They are safer than cigarettes.

Their nicotine is addictive, but nicotine isn't what makes tobacco deadly. "(The) mix of chemicals -- not nicotine -- cause the serious health effects ..." says the FDA.

That's why the FDA supports nicotine pouches.   

Still, some anti-tobacco activists oppose all nicotine use.

"It's a pouch packed with problems!" Sen. Chuck Schumer tells cameras.

Some states ban certain flavors, and impose high taxes. This makes pouches about as expensive as cigarettes. That's dumb.

"It's not the nicotine that kills you. It's smoking," says Guy Bentley, director of consumer freedom at the Reason Foundation, in my new video.

"You shouldn't treat a nicotine pouch the way we treat cigarettes.
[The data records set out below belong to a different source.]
(* Let $\alpha\in[1/2,1)\cup(1,\infty)$ and let $p_{X,Y}=p_Xp_{Y\mid X}$ be a joint distribution on finite alphabets $\mathcal X\times\mathcal Y$. Starting from initial distributions $q_X^{(0)}$ on $\mathcal X$ and $q_Y^{(0)}$ on $\mathcal Y$, let $\{q_X^{(k)}\}_{k\ge0}$ and $\{q_Y^{(k)}\}_{k\ge0}$ be generated by the alternating optimization algorithm which, at each step, replaces $q_X$ by $$q_X^*(x)=\frac{\big[\sum_yp_{X,Y}(x,y)^\alpha q_Y(y)^{1-\alpha}\big]^{1/\alpha}}{\sum_{x'}\big[\sum_yp_{X,Y}(x',y)^\alpha q_Y(y)^{1-\alpha}\big]^{1/\alpha}}$$ computed from the current $q_Y$, and then replaces $q_Y$ by $$q_Y^*(y)=\frac{\big[\sum_xp_{X,Y}(x,y)^\alpha q_X(x)^{1-\alpha}\big]^{1/\alpha}}{\sum_{y'}\big[\sum_xp_{X,Y}(x,y')^\alpha q_X(x)^{1-\alpha}\big]^{1/\alpha}}$$ computed from the current $q_X$ (these are the exact minimizers of $D_\alpha(p_Xp_{Y\mid X}\|q_Xq_Y)$ in one argument with the other fixed). Then $$\lim_{k\to\infty}D_\alpha(p_Xp_{Y\mid X}\|q_X^{(k)}q_Y^{(k)})=I_\alpha^{\mathrm{LP}}(X;Y).$$
   Context: $D_\alpha(p\|q):=\frac{1}{\alpha-1}\log\sum_zp(z)^\alpha q(z)^{1-\alpha}$ is the Rényi divergence of order $\alpha$, and the Lapidoth–Pfister mutual information is $I_\alpha^{\mathrm{LP}}(X;Y):=\min_{q_X}\min_{q_Y}D_\alpha(p_Xp_{Y\mid X}\|q_Xq_Y)$. *)

From HB Require Import structures.
From mathcomp Require Import all_boot all_order all_algebra.
From mathcomp Require Import all_classical all_reals all_analysis.
Set Implicit Arguments. Unset Strict Implicit. Unset Printing Implicit Defensive.
Import Order.TTheory GRing.Theory Num.Theory.
Local Open Scope classical_set_scope.
Local Open Scope ring_scope.

Definition is_dist (R : realType) (T : finType) (q : T -> R) : Prop :=
  (forall t, 0 <= q t) /\ \sum_(t : T) q t = 1.

(* Renyi divergence of order alpha (alpha > 0, alpha <> 1), extended-real valued,
   with the standard conventions: the sum runs over the support of p
   (terms with p z = 0 vanish since 0 `^ alpha = 0); for alpha > 1 the
   divergence is +oo if q vanishes somewhere on the support of p; if the sum
   is 0 (only possible for alpha < 1, disjoint supports) the divergence is +oo. *)
Definition renyiD (R : realType) (T : finType) (alpha : R) (p q : T -> R) : \bar R :=
  if (1 < alpha) && [exists z, (0 < p z) && (q z == 0)] then +oo%E
  else let s := \sum_(z : T) (p z `^ alpha) * (q z `^ (1 - alpha)) in
       if s == 0 then +oo%E else ((alpha - 1)^-1 * ln s)%:E.

Definition renyiDXY (R : realType) (X Y : finType) (alpha : R)
  (p : X -> Y -> R) (qX : X -> R) (qY : Y -> R) : \bar R :=
  renyiD alpha (fun z : X * Y => p z.1 z.2) (fun z : X * Y => qX z.1 * qY z.2).

(* Lapidoth--Pfister mutual information: min over q_X, q_Y (written as inf;
   the minimum is attained). *)
Definition I_LP (R : realType) (X Y : finType) (alpha : R) (p : X -> Y -> R) : \bar R :=
  ereal_inf [set d | exists qX : X -> R, exists qY : Y -> R,
     [/\ is_dist qX, is_dist qY & d = renyiDXY alpha p qX qY]].

Definition updX (R : realType) (X Y : finType) (alpha : R)
  (p : X -> Y -> R) (qY : Y -> R) : X -> R :=
  let g := fun x => (\sum_(y : Y) (p x y `^ alpha) * (qY y `^ (1 - alpha))) `^ (alpha^-1) in
  fun x => g x / \sum_(x' : X) g x'.

Definition updY (R : realType) (X Y : finType) (alpha : R)
  (p : X -> Y -> R) (qX : X -> R) : Y -> R :=
  let g := fun y => (\sum_(x : X) (p x y `^ alpha) * (qX x `^ (1 - alpha))) `^ (alpha^-1) in
  fun y => g y / \sum_(y' : Y) g y'.

Definition ao_step (R : realType) (X Y : finType) (alpha : R) (p : X -> Y -> R)
  (q : (X -> R) * (Y -> R)) : (X -> R) * (Y -> R) :=
  let qX' := updX alpha p q.2 in (qX', updY alpha p qX').

Definition ao_iter (R : realType) (X Y : finType) (alpha : R) (p : X -> Y -> R)
  (qX0 : X -> R) (qY0 : Y -> R) (k : nat) : (X -> R) * (Y -> R) :=
  iter k (ao_step alpha p) (qX0, qY0).

From HB Require Import structures.
From mathcomp Require Import all_boot all_order all_algebra.
From mathcomp Require Import all_classical all_reals all_analysis.
From mathcomp Require Import ring lra.
Import Order.TTheory GRing.Theory Num.Theory.
Local Open Scope classical_set_scope.
Local Open Scope ring_scope.
Set Implicit Arguments. Unset Strict Implicit. Unset Printing Implicit Defensive.

(* Write S(q_X, q_Y) = \sum_(x,y) p^alpha (q_X q_Y)^(1-alpha), so that
   D_alpha = ln S / (alpha - 1).  For fixed q_Y one has
   S(q_X, q_Y) = Z(q_Y)^alpha * \sum_x (q_X^* x)^alpha (q_X x)^(1-alpha), where Z is the
   normaliser of the update q_X^*; by weighted AM-GM the last sum is <= 1 for alpha < 1
   and >= 1 for alpha > 1.  So every half-step optimises exactly, the divergences are
   nonincreasing and tend to their infimum along the trajectory, and it remains to
   beat an arbitrary competitor (q_X', q_Y') up to any factor rho > 1, by comparing
   the trajectory with the one started at (q_X', q_Y').
   For alpha < 1, if S always stayed below S(q_X', q_Y') / rho, the normalisers would
   satisfy Z' >= rho^(1/alpha) Z at every half-step; since c <= c^((1-alpha)/alpha)
   for c <= 1 when alpha >= 1/2, the ratio q_Y / q_Y' would then grow geometrically along the trajectories,
   which is impossible for two distributions.
   For alpha > 1 the update contracts ratios: if c <= q_Y / q_Y' <= c Q on the support,
   then after a half-step the spread Q becomes Q^((alpha-1)/alpha).  Hence the two
   trajectories become proportional up to a factor tending to 1, and so do their
   Renyi sums. *)

Section RealFacts.
Variable R : realType.
Implicit Types (a c e r t u v w x y z : R).

Lemma ler_sum_term (T : finType) (F : T -> R) j :
  (forall i, 0 <= F i) -> F j <= \sum_i F i.
Proof. by move=> F0; rewrite (bigD1 j) //= lerDl sumr_ge0. Qed.

Lemma dist_le1 (T : finType) (q : T -> R) i : is_dist q -> q i <= 1.
Proof. by case=> q0 <-; apply: ler_sum_term. Qed.

Lemma dist_ratio_le1 (T : finType) (u v : T -> R) c :
  is_dist u -> is_dist v -> (forall i, c * u i <= v i) -> c <= 1.
Proof.
move=> [_ u1] [_ v1] le_uv; rewrite -v1 -[c]mulr1 -u1 mulr_sumr.
by apply: ler_sum => i _.
Qed.

Lemma dist_ratio_ge1 (T : finType) (u v : T -> R) c :
  is_dist u -> is_dist v -> (forall i, v i <= c * u i) -> 1 <= c.
Proof.
move=> [_ u1] [_ v1] le_vu; rewrite -v1 -[c]mulr1 -u1 mulr_sumr.
by apply: ler_sum => i _.
Qed.

Lemma sumr_gt0_exists (T : finType) (F : T -> R) : 0 < \sum_i F i -> exists i, 0 < F i.
Proof.
move=> sum_gt0; apply: contrapT => /forallNP F_le0; move: sum_gt0.
by rewrite ltNge sumr_le0 // => i _; rewrite leNgt; apply/negP/F_le0.
Qed.

Lemma exists_pos_lbound (T : finType) (f : T -> R) :
  exists2 c, 0 < c & forall i, 0 < f i -> c <= f i.
Proof.
exists (\big[Order.min/1]_(i | 0 < f i) f i); first exact: lt_bigmin.
by move=> i fi0; apply: bigmin_le_cond.
Qed.

Lemma exists_expr_lt z e : 0 <= z < 1 -> 0 < e -> exists k, z ^+ k < e.
Proof.
move=> /andP[z0 z1] e0.
have zn : `|z| < 1 by rewrite ger0_norm.
have [N _ /(_ N (leqnn N))] := cvgr_lt _ (cvg_expr zn) _ e0.
by exists N.
Qed.

Lemma exists_powR_expr_le c t w r : 0 < c -> 0 <= t < 1 -> 1 < r ->
  exists k, c `^ (t ^+ k * w) <= r.
Proof.
move=> c0 t01 r1; have /andP[t0 _] := t01.
have L0 : 0 < 1 + `|w * ln c| by rewrite ltr_pwDl.
have [k tk] := exists_expr_lt t01 (divr_gt0 (ln_gt0 r1) L0).
exists k; rewrite /powR gt_eqF // -[leRHS]lnK ?posrE ?(lt_trans ltr01) //.
rewrite ler_expR -mulrA; apply: le_trans (_ : t ^+ k * (1 + `|w * ln c|) <= _).
  apply: le_trans (ler_norm _) _; rewrite normrM ger0_norm ?exprn_ge0 //.
  by rewrite ler_wpM2l ?exprn_ge0 ?lerDr.
by rewrite -ler_pdivlMr // ltW.
Qed.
The more expensive you make the safer product, the more the most dangerous product will be sold."

After Minnesota imposed a 95% tax on vaping, smokers who would have quit ... didn't, thousands of them.

The ban-things crowd says they must protect children.

"These nicotine pouches seem to lock their sights on young kids," claims Schumer.

New York politicians say high taxes will make it "harder for children to buy them."

I liked one New Yorker's reaction: "By the time somebody says it's for the kids, they're really just trying to tug on the heartstrings and make you stop thinking about it so much."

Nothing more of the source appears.